今年のドラフトでは、夏の甲子園で好投した吉田輝星投手(金足農)の進路に注目が集まっている。吉田は夏の甲子園で準優勝、その速球で日本中を沸かせた。実は進学予定の大学が決まっていたため、それを覆してプロに進むのかどうかが注目されていた。吉田は、先日プロ志望届けを提出すると同時に会見を行い、プロ野球への挑戦を表明した。そして、いよいよ運命の日、ドラフト本番が迫っている。

高校生の上位候補には吉田の他に大阪桐蔭の根尾昴、藤原恭大、柿木蓮、報徳学園の小園海斗、浦和学院の渡邉勇太朗、花咲徳栄の野村佑希などが挙げられている。

ただ今年は、例年に増して高校生に有能な選手が多い。今回は上位指名の選手よりは現時点での評価は劣るが、プロ入り後の努力次第で大化けする可能性を秘めている選手を見つけていきたい。3、4位指名辺りの有望株だ。高卒の選手は、即戦力というよりは数年後に主軸に育てば、という青田買いの側面もある。これまでも下位指名ながら大きく花開いた選手は多い。

ちなみに、今年の高校生は早生まれを除くと2000年生まれの選手たち。つまり、「ミレニアム世代」で、その中の代表選手となるであろう根尾を冠して、『根尾ミレニアム世代』と呼びたい。

根尾は岐阜県飛騨市出身。その根尾につられてか、今年は岐阜県出身者の有望選手が多い。U18代表の4番を打った木更津総合の野尻幸輝は岐阜のボーイズで県代表に選ばれ、根尾とクリーンアップを組んだ選手だ(大学進学予定)。近江の4番で甲子園で3ホームランした北村恵吾も中学のボーイズ時代に岐阜県代表になっており根尾、野尻とは同僚だ(大学進学予定)。
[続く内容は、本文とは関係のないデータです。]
(* the (open) face F with index set I_F = I *)
Definition in_face (I : pred 'I_d) (mu : vec n) : Prop :=
  inDelta mu /\ forall j, (dot mu (X j) = lam j <-> I j).
Definition is_face (I : pred 'I_d) : Prop := exists mu, in_face I mu.

Definition pi_map (Y : vec d) : vec n :=
  fun i => \big[Rplus/0]_(j < d) (Y j * X j i).
Definition in_n (Y : vec d) : Prop := forall i, pi_map Y i = 0.
Definition in_n_I (I : pred 'I_d) (Y : vec d) : Prop :=
  in_n Y /\ forall j, ~~ I j -> Y j = 0.
Definition in_r (I : pred 'I_d) (Y : vec d) : Prop :=
  in_n Y /\ forall W, in_n_I I W -> dot Y W = 0.

Definition in_CstarFc (I : pred 'I_d) (z : 'I_d -> cplx) : Prop :=
  forall j, (I j -> z j = czero) /\ (~~ I j -> z j <> czero).

(* action of exp(iY), Y in n:  z_j |-> e^{-2 pi Y_j} z_j *)
Definition act (Y : vec d) (z : 'I_d -> cplx) : 'I_d -> cplx :=
  fun j => cscale (exp (- (2 * PI * Y j))) (z j).

(* Psi_Delta(z) in n^*, as the functional Y |-> sum_j (|z_j|^2 + lam_j) Y_j on n *)
Definition Psi (z : 'I_d -> cplx) (Y : vec d) : R :=
  \big[Rplus/0]_(j < d) ((cnormsq (z j) + lam j) * Y j).
Definition Psi_zero (z : 'I_d -> cplx) : Prop := forall Y, in_n Y -> Psi z Y = 0.

Definition in_orbit (z w : 'I_d -> cplx) : Prop := exists Y, in_n Y /\ act Y z = w.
その中で注目したいのが、山梨学院・垣越建伸投手。彼は飛騨高山ボーイズで根尾とチームメイトだった。183センチ、93キロと大柄。体重を上手くボールに乗せるので球が重い。最速146キロでスライダー、チェンジアップを効果的に混ぜる。左で140キロ以上を放れれば合格点で、「ゆったりとしたいいフォーム。大型左腕で晩成型の大器」というスカウトの評価がある。右打者へのクロスファイヤーのストレートとスライダーはかなり打ちづらい。

2年夏の甲子園では1イニングのみの登板だが、秋の県大会では30イニング2失点と大黒柱に成長した。今年の夏の県大会、背筋痛があって先発を回避したが、リリーフで15イニング26奪三振の投球を披露した。

甲子園では高知商との初戦に先発。しかし、強打の高知商につかまって、5回途中にKOされた。

かつて長崎・清峰高校を率いてセンバツ優勝を経験した山梨学院の吉田洸二監督は「高校で一番伸びたのは垣越」と褒めている。「将来性がある。早くプロに行ったほうがいい」と背中を押す。垣越のモチベーションは根尾とのライバル関係だ。甲子園の開幕前は対戦したいと意気込んでいたが、敗れた後は「まだまだ根尾とやれるような実力はないです」とコメント。今後の奮起が楽しみだ。

宮崎県、聖心ウルスラの戸郷翔征投手が脚光を浴びたのは、U18アジア選手権の開催を控えた宮崎での壮行試合での好投だった。藤原、根尾、蛭間拓哉(浦和学院・大学進学)とドラフト上位指名候補の選手から縦の変化球で空振り三振を取った。1回途中、二番手でマウンドに上がり6回まで投げて9奪三振というから見事だ。

去年の夏、2年生エースとして甲子園に出場。早稲田佐賀から毎回の11奪三振を記録した。同校初勝利の立役者になった。しかし、今年は県大会の準々決勝で敗れて甲子園の出場はならなかった。ならば、とU18日本代表との壮行試合に備えて8月中も練習を続けたという。2回は145キロ前後を常時計測。最速149キロを記録した。185センチの長身からのスリークォーター。遠投117メートル、50メートルを5秒8で走るなど身体能力も高い。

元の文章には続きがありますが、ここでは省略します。